Vielleicht habt ihr ja passende assoziationen dazu und könntet mir diese mitteilen.

Viele Grüße


----------



## psifactory (28. Mai 2006)

Also für Hoffnung würde ich ein Grün nehmen. Grün ist doch die Farbe der Hoffnung oder nicht? Sagt zumindest die Kirche.  Und für Versagen ein dunkles Rot.


----------



## Jan-Frederik Stieler (28. Mai 2006)

Dank dir schonmal. Dann lag ich mit dem grün doch nicht so falsch, meine Mutter meinte das  Blau die Farbe der Hoffnung ist. Rot schient auch ganz gut zu sein weil dann im Verlauf zu Grün ein dreckiges gelb entsteht und ich so wieder ein kleines Aufflammen von Erfolg zwischen Hoffnung und Misserfolg (habe inzwischen das Wort geändert da Versagen etwas zu drastisch war). Hatte vorher Blau für Misserfolg wegen der Kälte gewählt gehabt die Blau auch ausstrahlt.


----------



## da_Dj (30. Mai 2006)

Also ich sehe blau irgendwie als Farbe des Erfolgs, ein helles evtl. für Hoffnung. Blau/Silber wird sicherlich nicht umsonst in vielen Firmen CI's benutzt. Es gab aber auch mal Seiten wo das stand, welche Farben in welchen Religionen welche Rolle spielen, evtl. mal nach googlen? =)


----------



## psifactory (30. Mai 2006)

Also mit Grün für Hoffnung war ich gar nicht mal so schlecht gelegen. 

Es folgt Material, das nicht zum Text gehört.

(* Let $p$ be a prime, $R=\mathbb{F}_p[x,x^{-1}]$, $n\ge1$. Let $U$ and $U_m$ ($m\ge1$) be $R$-submodules of $R^n$ with $U\subset U_m$ and ${\rm rk}(U)={\rm rk}(U_m)$ for all $m$, and suppose $U_m\to U$. Then $U_m=U$ for all sufficiently large $m$.
   Context: The rank ${\rm rk}$ of a finitely generated $R$-module is the maximal number of elements freely generating a free submodule ($0$ if none). Convergence $U_m\to U$ of subsets of $R^n$ means that for every $v\in R^n$, the truth value of $v\in U_m$ is eventually equal to that of $v\in U$. *)

From HB Require Import structures.
From mathcomp Require Import all_boot all_order all_algebra.
From mathcomp Require Import boolp.
Set Implicit Arguments. Unset Strict Implicit. Unset Printing Implicit Defensive.
Import GRing.Theory.
Local Open Scope ring_scope.

(* R = F_p[x, x^{-1}] is realised as the subring of the fraction field
   K = F_p(x) of {poly 'F_p} consisting of the elements g / x^k. *)
Definition Kfrac (p : nat) := {fraction {poly 'F_p}}.
Notation "x %:F" := (@FracField.tofrac _ x) : ring_scope.

Definition laurent (p : nat) (f : Kfrac p) : Prop :=
  exists (g : {poly 'F_p}) (k : nat), f = g%:F / ('X ^+ k)%:F.

Definition laurent_vec (p n : nat) (v : 'rV[Kfrac p]_n) : Prop :=
  forall i, laurent (v 0 i).

Definition is_submodule (p n : nat) (U : 'rV[Kfrac p]_n -> Prop) : Prop :=
  [/\ forall v, U v -> laurent_vec v,
      U 0,
      forall u v, U u -> U v -> U (u + v)
    & forall (r : Kfrac p) v, laurent r -> U v -> U (r *: v)].

Definition free_family_in (p n : nat) (U : 'rV[Kfrac p]_n -> Prop) (k : nat)
  : Prop :=
  exists v : 'I_k -> 'rV[Kfrac p]_n,
    (forall i, U (v i)) /\
    (forall c : 'I_k -> Kfrac p, (forall i, laurent (c i)) ->
        \sum_(i < k) c i *: v i = 0 -> forall i, c i = 0).

(* rank: the maximal number of elements of U freely generating a free
   submodule (0 if none).  Any R-independent family in R^n has at most n
   elements, so the maximum is taken over k <= n. *)
Definition rk (p n : nat) (U : 'rV[Kfrac p]_n -> Prop) : nat :=
  \max_(k < n.+1 | `[< free_family_in U k >]) k.

Definition converges (p n : nat) (Um : nat -> 'rV[Kfrac p]_n -> Prop)
  (U : 'rV[Kfrac p]_n -> Prop) : Prop :=
  forall v, laurent_vec v -> exists M, forall m, (M <= m)%N -> (Um m v <-> U v).

(* Let r = rk U and let u_1, ..., u_r be a free family in U.  Every U_m has
   rank r and contains the u_i, so every U_m lies in the F_p(x)-span W of the
   u_i.  Clearing denominators in Cramer's rule gives a polynomial h with
   h(0) <> 0 and h (W ∩ R^n) ⊆ U (powers of x are units of R).  Since
   R/hR = F_p[x]/(h) is finite, W ∩ R^n is a finite union of classes
   modulo h (W ∩ R^n), and two elements of a class differ by an element of U.
   If a class contains some v ∉ U, then as soon as v ∉ U_m the class does not
   meet U_m at all, because w ∈ U_m in the class would give v = w - (w - v)
   ∈ U_m.  So for m large every element of U_m lies in U. *)

From HB Require Import structures.
From mathcomp Require Import all_boot all_order all_algebra.
From mathcomp Require Import boolp.
Set Implicit Arguments. Unset Strict Implicit. Unset Printing Implicit Defensive.
Import GRing.Theory.
Local Open Scope ring_scope.

Section FractionField.
Variable R : idomainType.
Local Open Scope quotient_scope.

Lemma frac_denom (x : {fraction R}) :
  exists b : R, b != 0 /\ exists a : R, b%:F * x = a%:F.
Proof.
have ex : x = (repr x).1%:F / (repr x).2%:F.
  rewrite -[in LHS](reprK x) [RHS]piE; apply/eqmodP.
  rewrite /= FracField.equivfE /FracField.mulf /FracField.invf.
  by rewrite !numden_Ratio ?oner_neq0 ?mul1r ?mulr1 ?(denom_ratioP (repr x)) // mulrC.
exists (repr x).2; split; first exact: denom_ratioP.
by exists (repr x).1; rewrite {2}ex mulrC divfK // tofrac_eq0 denom_ratioP.
Qed.

Lemma common_denom (I : finType) (c : I -> {fraction R}) :
  exists2 d : R, d != 0 & forall i, exists a : R, d%:F * c i = a%:F.
Proof.
have [b hb] := fin_all_exists (fun i => frac_denom (c i)).
exists (\prod_i b i); first by apply/prodf_neq0 => i _; case: (hb i).
move=> i; have [_ [a ea]] := hb i.
exists ((\prod_(j | j != i) b j) * a).
by rewrite (bigD1 i) //= !tofracM mulrAC ea mulrC.
Qed.

End FractionField.

Lemma row_free_col_mx (F : fieldType) m n (A : 'M[F]_(m, n)) (w : 'rV_n) :
  row_free A -> ~~ (w <= A)%MS -> row_free (col_mx A w).
Proof.
move=> fA nwA; have ltA : (A < col_mx A w)%MS.
  rewrite ltmxE -!addsmxE addsmxSl /=.
  by apply: contra nwA; apply: submx_trans (addsmxSr _ _).
have := rank_ltmx ltA; rewrite (eqP fA) => ltr.
by rewrite /row_free eqn_leq rank_leq_row [in X in (X <= _)%N]addn1.
Qed.

Section Laurent.
Variable p : nat.
Local Notation K := (Kfrac p).
Local Notation P := {poly 'F_p}.

Lemma laurent_poly (g : P) : laurent (g%:F : K).
Proof. by exists g, 0%N; rewrite expr0 tofrac1 divr1. Qed.

Lemma laurent0 : laurent (0 : K).
Proof. by have := laurent_poly 0; rewrite tofrac0. Qed.

Lemma laurentD (a b : K) : laurent a -> laurent b -> laurent (a + b).
Proof.
move=> [g [k ->]] [g' [k' ->]]; exists (g * 'X^k' + g' * 'X^k), (k + k')%N.
by rewrite addf_div ?tofrac_eq0 ?expf_neq0 ?polyX_eq0 // tofracD !tofracM exprD tofracM.
Qed.

Lemma laurentN (a : K) : laurent a -> laurent (- a).
Proof. by move=> [g [k ->]]; exists (- g), k; rewrite tofracN mulNr. Qed.

Lemma laurentM (a b : K) : laurent a -> laurent b -> laurent (a * b).
Proof.
move=> [g [k ->]] [g' [k' ->]]; exists (g * g'), (k + k')%N.
by rewrite mulf_div exprD !tofracM.
Qed.

Lemma laurent_invXn k : laurent ((('X : P) ^+ k)%:F^-1 : K).
Proof. by exists 1, k; rewrite tofrac1 mul1r. Qed.

Lemma laurent_sum (I : Type) (r : seq I) (Q : pred I) (F : I -> K) :
  (forall i, Q i -> laurent (F i)) -> laurent (\sum_(i <- r | Q i) F i).
Proof. by move=> hF; elim/big_ind: _ => //; [exact: laurent0 | exact: laurentD]. Qed.

Lemma laurent_vecB n (u v : 'rV[K]_n) :
  laurent_vec u -> laurent_vec v -> laurent_vec (u - v).
Proof. by move=> hu hv i; rewrite !mxE; apply: laurentD (laurentN _). Qed.

Lemma laurent_modp (h : P) (f : K) : ~~ root h 0 -> laurent f ->
  exists (r : P) (z : K), [/\ (size r < size h)%N, laurent z & f = r%:F + h%:F * z].
Proof.
move=> h0 [g [k ->]].
have /Bezout_eq1_coprimepP [[u1 u2] /= Eu] : coprimep h ('X ^+ k).
  by rewrite coprimep_expr // coprimepX.
have nzh : h != 0 by apply: contraNneq h0 => ->; rewrite root0.
have nzX : ('X ^+ k)%:F != 0 :> K by rewrite tofrac_eq0 expf_neq0 ?polyX_eq0.
set q := g * u2.
have Eg : g = (q %% h + h * (q %/ h)) * 'X^k + h * (g * u1).
  rewrite (addrC (q %% h)) (mulrC h) -divp_eq /q -[g in LHS]mulr1 -Eu.
  by rewrite mulrDr addrC [h * _]mulrC !mulrA.
exists (q %% h), ((g * u1)%:F / ('X ^+ k)%:F + (q %/ h)%:F); split.
- by rewrite ltn_modp.
- by apply: laurentD (laurent_poly _); exists (g * u1), k.
rewrite {1}Eg tofracD tofracM mulrDl mulfK // !(tofracD, tofracM).
by rewrite mulrDr addrA addrAC !mulrA.
Qed.

(* A residue class modulo h is indexed by the coefficient rows of the residues
   of the entries; the index type 'M['F_p]_(n, size h) is finite. *)
Definition residue_vec n d (t : 'M['F_p]_(n, d)) : 'rV[K]_n :=
  \row_i (rVpoly (row i t))%:F.

Definition residue_class n (h : P) (t : 'M['F_p]_(n, size h)) (v : 'rV[K]_n) :=
  exists z, laurent_vec z /\ v = residue_vec t + h%:F *: z.
Arguments residue_class {n} h t v.

Lemma laurent_vec_residue n (h : P) (v : 'rV[K]_n) : ~~ root h 0 ->
  laurent_vec v -> exists t, residue_class h t v.
Proof.
move=> h0 hv.
have /fin_all_exists [r hr] := fun i => laurent_modp h0 (hv i).
have /fin_all_exists [z hz] := hr.
exists (\matrix_i poly_rV (r i)), (\row_i z i); split.
  by move=> i; rewrite mxE; case: (hz i).
apply/rowP => i; have [/ltnW sr _ ->] := hz i.
by rewrite !mxE rowK poly_rV_K.
Qed.

Section Submodule.
Variables (n : nat) (V : 'rV[K]_n -> Prop).
Hypothesis hV : is_submodule V.

Lemma submod_laurent v : V v -> laurent_vec v.
Proof. by case: hV => h _ _ _; apply: h. Qed.

Lemma submodZ r v : laurent r -> V v -> V (r *: v).
Proof. by case: hV => _ _ _; apply. Qed.

Lemma submod_sum (I : Type) (r : seq I) (Q : pred I) (F : I -> 'rV[K]_n) :
  (forall i, Q i -> V (F i)) -> V (\sum_(i <- r | Q i) F i).
Proof. by case: hV => _ V0 VD _ hF; elim/big_ind: _. Qed.

Lemma submodB u v : V u -> V v -> V (u - v).
Proof.
case: hV => _ _ VD _ hu hv; apply: VD hu _; rewrite -scaleN1r.
by apply: submodZ hv; apply: laurentN; have := laurent_poly 1; rewrite tofrac1.
Qed.

End Submodule.

Section Rank.
Variable n : nat.
Local Notation vec := 'rV[K]_n.

Lemma free_family_row_free k (u : 'I_k -> vec) :
  (forall c : 'I_k -> K, (forall i, laurent (c i)) ->
     \sum_(i < k) c i *: u i = 0 -> forall i, c i = 0) ->
  row_free (\matrix_i u i).
Proof.
move=> free_u; apply: inj_row_free => v hv.
have [d nzd hd] := common_denom (fun i => v 0 i).
have hdv : forall i, laurent (d%:F * v 0 i).
  by move=> i; have [a ->] := hd i; apply: laurent_poly.
have /(free_u _ hdv) dv0 : \sum_(i < k) (d%:F * v 0 i) *: u i = 0.
  transitivity (d%:F *: (v *m \matrix_i u i)); last by rewrite hv scaler0.
  by rewrite mulmx_sum_row scaler_sumr; apply: eq_bigr => i _; rewrite rowK scalerA.
apply/rowP => i; rewrite mxE; move/eqP: (dv0 i).
by rewrite mulf_eq0 tofrac_eq0 (negbTE nzd) => /eqP.
Qed.

Lemma row_free_free_family (V : vec -> Prop) k (A : 'M[K]_(k, n)) :
  row_free A -> (forall i, V (row i A)) -> free_family_in V k.
Proof.
move=> fA hA; exists (fun i => row i A); split=> // c _ hc i.
have : (\row_j c j) *m A = 0 *m A.
  by rewrite mul0mx mulmx_sum_row -[RHS]hc; apply: eq_bigr => j _; rewrite mxE.
by move/(row_free_inj fA)/rowP/(_ i); rewrite !mxE.
Qed.

Lemma free_family_rk (V : vec -> Prop) : free_family_in V (rk V).
Proof.
rewrite /rk; elim/big_ind: _ => [|k1 k2 h1 h2|k /asboolP //].
  by exists (fun=> 0); split=> [[]|c _ _ []].
by rewrite /maxn; case: ltnP.
Qed.

Lemma leq_rk (V : vec -> Prop) k :
  (k <= n)%N -> free_family_in V k -> (k <= rk V)%N.
Proof.
rewrite -ltnS => kn hk.
exact: (@leq_bigmax_cond _ _ (fun k : 'I_n.+1 => k) (Ordinal kn) (asboolT hk)).
Qed.

Lemma rk_span (V : vec -> Prop) r (A : 'M[K]_(r, n)) : (rk V <= r)%N ->
  row_free A -> (forall i, V (row i A)) -> forall w, V w -> (w <= A)%MS.
Proof.
move=> hr fA hA w hw; apply/negPn/negP => nwA.
have fAw := row_free_col_mx fA nwA.
suff : (r + 1 <= rk V)%N by rewrite addn1 ltnNge hr.
apply: leq_rk; first by rewrite -(eqP fAw) rank_leq_col.
apply: row_free_free_family fAw _ => i.
rewrite -(splitK i); case: (split i) => j /=; first by rewrite rowKu.
by rewrite rowKd (_ : row j w = w) //; apply/rowP => k; rewrite mxE (ord1 j).
Qed.

(* Cramer's rule: the coordinates v *m pinvmx A of v in the span of A have a
   common polynomial denominator d. *)
Lemma submod_denom (V : vec -> Prop) r (A : 'M[K]_(r, n)) :
  is_submodule V -> (forall i, V (row i A)) ->
  exists2 d : P, d != 0 & forall v, laurent_vec v -> (v <= A)%MS -> V (d%:F *: v).
Proof.
move=> hV hA.
have [d nzd hd] := common_denom (fun ij : 'I_n * 'I_r => pinvmx A ij.1 ij.2).
exists d => // v hv /mulmxKpV vA.
rewrite -{}vA scalemxAl scalemxAr mulmx_sum_row.
apply: submod_sum => // i _; apply: submodZ => //.
rewrite mxE; apply: laurent_sum => j _; rewrite mxE.
by apply: laurentM => //; have [a ->] := hd (j, i); apply: laurent_poly.
Qed.

Lemma submod_denom_coprimeX (V : vec -> Prop) r (A : 'M[K]_(r, n)) :
  is_submodule V -> (forall i, V (row i A)) ->
  exists2 h : P, ~~ root h 0 &
    forall v, laurent_vec v -> (v <= A)%MS -> V (h%:F *: v).
Proof.
move=> hV hA; have [d nzd hd] := submod_denom hV hA.
have [a [h h0 Ed]] := multiplicity_XsubC d 0.
exists h => [|v hv sv]; first by rewrite nzd in h0.
have nzX : ('X ^+ a)%:F != 0 :> K by rewrite tofrac_eq0 expf_neq0 ?polyX_eq0.
have -> : h%:F *: v = ('X ^+ a)%:F^-1 *: (d%:F *: v).
  by rewrite scalerA Ed subr0 tofracM [_ * _%:F]mulrC mulKf.
exact: submodZ (laurent_invXn a) (hd v hv sv).
Qed.

Lemma residue_class_subr (V : vec -> Prop) r (A : 'M[K]_(r, n)) (h : P)
    (t : 'M['F_p]_(n, size h)) v w :
  ~~ root h 0 -> (forall z, laurent_vec z -> (z <= A)%MS -> V (h%:F *: z)) ->
  (v <= A)%MS -> (w <= A)%MS -> residue_class h t v -> residue_class h t w ->
  V (w - v).
Proof.
move=> h0 hh sv sw [zv [hzv ev]] [zw [hzw ew]].
have ewv : w - v = h%:F *: (zw - zv).
  by rewrite ew ev scalerBr opprD addrACA subrr add0r.
have nzh : h%:F != 0 :> K.
  by rewrite tofrac_eq0; apply: contraNneq h0 => ->; rewrite root0.
rewrite ewv; apply: hh; first exact: laurent_vecB.
rewrite -(scalerK nzh (zw - zv)) -ewv; apply: scalemx_sub.
by apply: addmx_sub sw _; rewrite eqmx_opp.
Qed.

End Rank.

End Laurent.

Arguments residue_class {p n} h t v.

Section Stabilization.
Variables (p n : nat) (U : 'rV[Kfrac p]_n -> Prop)
  (Um : nat -> 'rV[Kfrac p]_n -> Prop).
Hypotheses (hUm : forall m, (1 <= m)%N -> is_submodule (Um m))
  (sUUm : forall m, (1 <= m)%N -> forall v, U v -> Um m v)
  (hconv : converges Um U).

Lemma eventually_class_sub (C : 'rV[Kfrac p]_n -> Prop) :
  (forall v, C v -> laurent_vec v) -> (forall v w, C v -> C w -> U (w - v)) ->
  exists M, forall m, (1 <= m)%N -> (M <= m)%N ->
    forall w, Um m w -> C w -> U w.
Proof.
move=> lC dC; case: (pselect (exists v, C v /\ ~ U v)) => [[v [Cv nUv]]|noC].
  have [M hM] := hconv (lC v Cv).
  exists M => m hm hMm w hw Cw; exfalso; apply/nUv/(hM m hMm).
  have := submodB (hUm hm) hw (sUUm hm (dC _ _ Cv Cw)).
  by rewrite subKr.
exists 0%N => m _ _ w _ Cw; apply: contrapT => nUw.
by apply: noC; exists w.
Qed.

Lemma eventually_eq_of_classes (T : finType) (C : T -> 'rV[Kfrac p]_n -> Prop) :
  (forall t v, C t v -> laurent_vec v) ->
  (forall t v w, C t v -> C t w -> U (w - v)) ->
  (forall m w, (1 <= m)%N -> Um m w -> exists t, C t w) ->
  exists M, forall m, (M <= m)%N -> Um m = U.
Proof.
move=> lC dC coverC.
have /fin_all_exists [M hM] := fun t => eventually_class_sub (lC t) (dC t).
exists (maxn 1 (\max_t M t)) => m; rewrite geq_max => /andP[hm hMm].
apply: funext => w; apply: propext; split=> [hw|]; last exact: sUUm.
have [t Ctw] := coverC m w hm hw.
have hMt : (M t <= m)%N := leq_trans (leq_bigmax t) hMm.
exact: hM t m hm hMt w hw Ctw.
Qed.

End Stabilization.

Theorem lemma6p15 (p n : nat) (U : 'rV[Kfrac p]_n -> Prop)
  (Um : nat -> 'rV[Kfrac p]_n -> Prop) :
  prime p -> (1 <= n)%N ->
  is_submodule U ->
  (forall m, (1 <= m)%N -> is_submodule (Um m)) ->
  (forall m, (1 <= m)%N -> forall v, U v -> Um m v) ->
  (forall m, (1 <= m)%N -> rk U = rk (Um m)) ->
  converges Um U ->
  exists M, forall m, (M <= m)%N -> Um m = U.
Proof.
move=> _ _ hU hUm sUUm hrk hconv.
have [u [hu free_u]] := free_family_rk U.
set A := \matrix_i u i.
have fA : row_free A := free_family_row_free free_u.
have hA : forall i, U (row i A) by move=> i; rewrite rowK.
have spanUm m w : (1 <= m)%N -> Um m w -> (w <= A)%MS.
  move=> hm; apply: (rk_span _ fA) => [|i]; first by rewrite -(hrk m hm).
  exact: sUUm m hm _ (hA i).
have [h h0 hh] := submod_denom_coprimeX hU hA.
pose C (t : 'M['F_p]_(n, size h)) w :=
  [/\ (w <= A)%MS, laurent_vec w & residue_class h t w].
apply: (@eventually_eq_of_classes _ _ _ _ hUm sUUm hconv _ C).
- by move=> t v [].
- by move=> t v w [sv _ cv] [sw _ cw]; apply: residue_class_subr h0 hh sv sw cv cw.
- move=> m w hm hw; have lw := submod_laurent (hUm m hm) hw.
  have [t ct] := laurent_vec_residue h0 lw.
  by exists t; split=> //; exact: spanUm hm hw.
Qed.
Lemma sum_ord4 (F : 'I_4 -> R) :
  \big[Rplus/0]_(i : 'I_4) F i = F oy + F oa + F ob + F oz.
Proof.
rewrite !big_ord_recl big_ord0 -[RHS]Rplus_0_r !Rplus_assoc.
by congr (F _ + (F _ + (F _ + (F _ + _)))); apply: val_inj.
Qed.

Lemma Rzero_or_zero a b : 0 <= a -> 0 <= b -> ~ (0 < a /\ 0 < b) -> a = 0 \/ b = 0.
Proof.
move=> Ha Hb H; case: (Rle_eq_or_lt Ha) => ?; first by left.
by case: (Rle_eq_or_lt Hb) => ?; [right | case: H].
Qed.

Section Lozin.
Variables (V : finType) (e : rel V) (x : V) (Y Z : {set V}).

Local Notation old := {v : V | v != x}.
Local Notation L := (lozin_rel e x Y Z).
Local Notation vy := (inr oy : LV x).
Local Notation va := (inr oa : LV x).
Local Notation vb := (inr ob : LV x).
Local Notation vz := (inr oz : LV x).
Local Notation north := (inr true : V + bool).
Local Notation south := (inr false : V + bool).

Lemma vertexP (v : V) : v = x \/ exists u : old, v = val u.
Proof.
case: (eqVneq v x) => [->|Hv]; first by left.
by right; exists (exist _ v Hv).
Qed.

Lemma sum_LV (p : LV x -> R) :
  \big[Rplus/0]_u p u = \big[Rplus/0]_(u : old) p (inl u) + (p vy + p va + p vb + p vz).
Proof. by rewrite big_sumType sum_ord4. Qed.

Lemma sum_suspension (q : V + bool -> R) :
  \big[Rplus/0]_w q w =
  \big[Rplus/0]_(u : old) q (inl (val u)) + q (inl x) + q north + q south.
Proof.
rewrite big_sumType (bigD1 x) //= big_bool /=.
have -> : \big[Rplus/0]_(v | v != x) q (inl v) = \big[Rplus/0]_(u : old) q (inl (val u)).
  exact: (big_sub (predC1 x)).
by rewrite -!Rplus_assoc [q (inl x) + _]Rplus_comm.
Qed.

Definition lozin_indep (c : LV x -> R) :=
  [/\ forall u v : old, 0 < c (inl u) -> 0 < c (inl v) -> ~~ e (val u) (val v),
      0 < c vy -> forall u : old, val u \in Y -> c (inl u) = 0,
      0 < c vz -> forall u : old, val u \in Z -> c (inl u) = 0 &
      path4_indep (c vy) (c va) (c vb) (c vz)].

Lemma lozin_Ind_suppE (c : LV x -> R) : (forall w, 0 <= c w) ->
  Ind L (supp c) <-> lozin_indep c.
Proof.
move=> Hc; rewrite Ind_suppE //; split=> [H | [H1 H2 H3 [P1 P2 P3]]].
  split.
  - by move=> u v; apply: (H (inl u) (inl v)).
  - move=> Py u Hu; case: (Rle_eq_or_lt (Hc (inl u))) => // Pu.
    by have := H _ _ Pu Py; rewrite /= Hu.
  - move=> Pz u Hu; case: (Rle_eq_or_lt (Hc (inl u))) => // Pu.
    by have := H _ _ Pu Pz; rewrite /= Hu.
  - by split; apply: Rzero_or_zero => // -[Pi Pj]; have := H _ _ Pi Pj.
have HY u : val u \in Y -> 0 < c vy -> 0 < c (inl u) -> False.
  by move=> Hu Py; rewrite (H2 Py u Hu); lra.
have HZ u : val u \in Z -> 0 < c vz -> 0 < c (inl u) -> False.
  by move=> Hu Pz; rewrite (H3 Pz u Hu); lra.
case=> [u|i] [v|j] Pu Pv; first exact: H1.
- case: (ord4P j) Pv => -> Pv //=; rewrite ?orbF; apply/negP => Hu.
    exact: HY Hu Pv Pu.
  exact: HZ Hu Pv Pu.
- case: (ord4P i) Pu => -> Pu //=; rewrite ?orbF; apply/negP => Hv.
    exact: HY Hv Pu Pv.
  exact: HZ Hv Pu Pv.
case: (ord4P i) Pu => -> Pu; case: (ord4P j) Pv => -> Pv //=;
  by case: P1 P2 P3 => [E1|E1] [E2|E2] [E3|E3]; rewrite ?E1 ?E2 ?E3 in Pu Pv; lra.
Qed.

Definition collapse (p : LV x -> R) (w : V + bool) : R :=
  match w with
  | inl v => if (insub v : option old) is Some u then p (inl u) else collapse_x (p vy) (p vz)
  | inr true => collapse_north (p vy) (p vb) (p vz)
  | inr false => collapse_south (p vy) (p va) (p vz)
  end.

Definition expand (q : V + bool -> R) (u : LV x) : R :=
  let n := q north in let w := q (inl x) in let s := q south in
  match u with
  | inl u => q (inl (val u))
  | inr i => match val i with
             | 0 => expand_y n w s | 1 => expand_a n w s
             | 2 => expand_b n w s | _ => expand_z n w s end
  end.

Definition rebalance (p : LV x -> R) (u : LV x) : R :=
  match u with
  | inr i => match val i with
             | 0 => rebalance_y (p vy) (p vz)
             | 3 => rebalance_z (p vy) (p vz)
             | _ => p u end
  | inl _ => p u
  end.

Lemma collapse_x_val p : collapse p (inl x) = collapse_x (p vy) (p vz).
Proof. by rewrite /collapse insubF // eqxx. Qed.

Lemma collapse_north_val p : collapse p north = collapse_north (p vy) (p vb) (p vz).
Proof. by []. Qed.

--> http://metacolor.de/farben/gruen.htm

--> http://metacolor.de/farben/rot.htm

--> http://metacolor.de/farben/blau.htm

Für den Rest sollte ich mir echt mal die Vollversion kaufen dass ich die Bedeutungen der anderen Farben auch noch bekomme.


----------



## holzoepfael (30. Mai 2006)

Also Grün steht neben vielem anderem für Hoffnung...
Blau ist neben der Ferne und Kälte auch ein Zeichen von Erfolg...
Und beim versagen bin ich jetzt gerade überfragt...
Hier gibts jedoch in vielen bibliotheken bücher über farben, wo du sicher fündig wirst...
btw. mit blau ist man daneben sowieso oft gut gelegen, da blau die verbreitetste Lieblingsfarbe ist ( ~40%)

mfg pendejo


----------



## Hektik (31. Mai 2006)

Hier noch was entsprechendes von Wikipedia:

http://de.wikipedia.org/wiki/Farbe#Psychologische_Wirkung


----------



## Dr Dau (31. Mai 2006)

Hallo!


			
				Hektik hat gesagt.:
			
		

> Hier noch was entsprechendes von Wikipedia:
> 
> http://de.wikipedia.org/wiki/Farbe#Psychologische_Wirkung


Hmm, warum meine Lieblingsfarbe wohl Schwarz ist?! 
In meiner Kindheit war es ja noch Blau..... aber dann ist es in der Jugendzeit Schwarz geworden..... und bis heute so geblieben.

Naja, ansonsten fällt mir zu den Farben (und deren Bedeutungen) nur der uralte Spruch "rot ist die Liebe, schwarz ist das Loch, Mädchen sei tapfer, rein muss er d....." ein. ^^  

Gruss Dr Dau


----------